Synthesis and Crystal Engineering of Rubrene and Its Derivatives

Margaret L. Clapham, Emma C. Murphy, Christopher J. Douglas

Research output: Contribution to journalReview articlepeer-review

11 Scopus citations

Abstract

Rubrene (5,6,11,12-tetraphenyltetracene) is a polyacene material that has been well studied throughout its nearly one-hundred year history. Originally found fascinating for its luminescent properties, it has emerged at the forefront for organic electronics due to its particularly high charge carrier mobility for an organic crystal. Despite great interest and its explosion in the literature over the past two decades, the commercial synthesis of rubrene has remained relatively unchanged since its initial discovery in 1926. Several recent studies have reported alternate routes to the rubrene structure with substitutions on the peripheral aromatic rings and tetracene core. Substituting in this manner has the potential to improve upon rubrene's electronic properties.
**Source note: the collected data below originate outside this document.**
(* Let $k\ge1$ and let $\Gamma\subset\mathbb{R}_+^k$ be a nonempty compact set of possible allocations. For every random valuation $X$ with values in $\mathbb{R}_+^k$ and finite expectation ($\mathbb{E}\|X\|<\infty$) there exists a monotonic (incentive compatible and individually rational) $\Gamma$-mechanism $\mu$ with $R(\mu;X)=\textsc{MonRev}_\Gamma(X)$.
   Context: A $\Gamma$-mechanism $\mu=(q,s)$ consists of $q:\mathbb{R}_+^k\to\Gamma$ and $s:\mathbb{R}_+^k\to\mathbb{R}$; it is IC if $q(x)\cdot x-s(x)\ge q(y)\cdot x-s(y)$ for all $x,y\in\mathbb{R}_+^k$, and IR if $q(x)\cdot x-s(x)\ge0$ for all $x\in\mathbb{R}_+^k$. It is monotonic if $s(y)\ge s(x)$ whenever $y\ge x$ (coordinatewise) in $\mathbb{R}_+^k$. The revenue is $R(\mu;X):=\mathbb{E}[s(X)]$, and $\textsc{MonRev}_\Gamma(X)$ is the supremum of $R(\mu;X)$ over all monotonic IC and IR $\Gamma$-mechanisms $\mu$. *)

From HB Require Import structures.
From mathcomp Require Import all_boot all_order all_algebra.
From mathcomp Require Import all_classical all_reals all_analysis.
Set Implicit Arguments. Unset Strict Implicit. Unset Printing Implicit Defensive.
Import Order.TTheory GRing.Theory Num.Theory.
Import numFieldTopology.Exports numFieldNormedType.Exports.
Local Open Scope classical_set_scope.
Local Open Scope ring_scope.

Definition nonneg_vec (R : realType) (k : nat) (x : 'rV[R]_k) : Prop :=
  forall i : 'I_k, 0 <= x 0 i.

Definition vec_le (R : realType) (k : nat) (x y : 'rV[R]_k) : Prop :=
  forall i : 'I_k, x 0 i <= y 0 i.

Definition dotv (R : realType) (k : nat) (x y : 'rV[R]_k) : R :=
  \sum_(i < k) x 0 i * y 0 i.

Definition rvec (d : measure_display) (T : measurableType d) (R : realType)
  (k : nat) (X : 'I_k -> T -> R) (w : T) : 'rV[R]_k := \row_i X i w.

Definition maps_into_Gamma (R : realType) (k : nat) (Gamma : set 'rV[R]_k)
  (q : 'rV[R]_k -> 'rV[R]_k) : Prop :=
  forall x, nonneg_vec x -> Gamma (q x).

Definition IC (R : realType) (k : nat) (q : 'rV[R]_k -> 'rV[R]_k)
  (s : 'rV[R]_k -> R) : Prop :=
  forall x y, nonneg_vec x -> nonneg_vec y ->
    dotv (q y) x - s y <= dotv (q x) x - s x.

Definition IR (R : realType) (k : nat) (q : 'rV[R]_k -> 'rV[R]_k)
  (s : 'rV[R]_k -> R) : Prop :=
  forall x, nonneg_vec x -> 0 <= dotv (q x) x - s x.

Definition monotonic (R : realType) (k : nat) (s : 'rV[R]_k -> R) : Prop :=
  forall x y, nonneg_vec x -> nonneg_vec y -> vec_le x y -> s x <= s y.

Definition revenue (d : measure_display) (T : measurableType d) (R : realType)
  (P : probability T R) (k : nat) (X : 'I_k -> T -> R)
  (s : 'rV[R]_k -> R) : \bar R :=
  (\int[P]_w (s (rvec X w))%:E)%E.

(* admissible: a monotonic IC and IR Gamma-mechanism (q,s) for which s(X)
   is a random variable, so that E[s(X)] makes sense *)
Definition admissible_mech (d : measure_display) (T : measurableType d)
  (R : realType) (k : nat) (Gamma : set 'rV[R]_k) (X : 'I_k -> T -> R)
  (q : 'rV[R]_k -> 'rV[R]_k) (s : 'rV[R]_k -> R) : Prop :=
  [/\ maps_into_Gamma Gamma q, IC q s, IR q s, monotonic s &
      measurable_fun setT (fun w => s (rvec X w))].

Definition MonRev (d : measure_display) (T : measurableType d) (R : realType)
  (P : probability T R) (k : nat) (Gamma : set 'rV[R]_k)
  (X : 'I_k -> T -> R) : \bar R :=
  ereal_sup [set revenue P X s | s in
     [set s | exists q, admissible_mech Gamma X q s]].

From HB Require Import structures.
From mathcomp Require Import all_boot all_order all_algebra.
From mathcomp Require Import all_classical all_reals all_analysis.
From mathcomp Require Import measurable_realfun.
From mathcomp Require Import ring lra.
Set Implicit Arguments.
Unset Strict Implicit.
Unset Printing Implicit Defensive.
Import Order.TTheory GRing.Theory Num.Theory.
Import numFieldTopology.Exports numFieldNormedType.Exports.
Local Open Scope classical_set_scope.
Local Open Scope ring_scope.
We review the various routes to rubrene and its derivatives and provide a brief overview of the solid-state library available for study. The information gained by comparing the solid-state properties between derivatives offers insight into unpredictable crystallization and polymorphism - complicated issues - which have hindered research into materials applications of rubrene. We hope that these insights inspire work in application-driven synthetic chemistry for future rubrene derivatives. 1 Introduction 2 Synthesis 2.1 Traditional Rubrene Synthesis 2.1.1 Recent Applications 2.2 Multi-Step Synthesis 2.2.1 Historical Routes 2.2.2 Diels-Alder Approaches 2.2.3 Cross-Coupling Approaches 2.2.4 Comparative Synthesis of Perfluororubrene 3 Crystal Engineering 4 Conclusions and Outlook.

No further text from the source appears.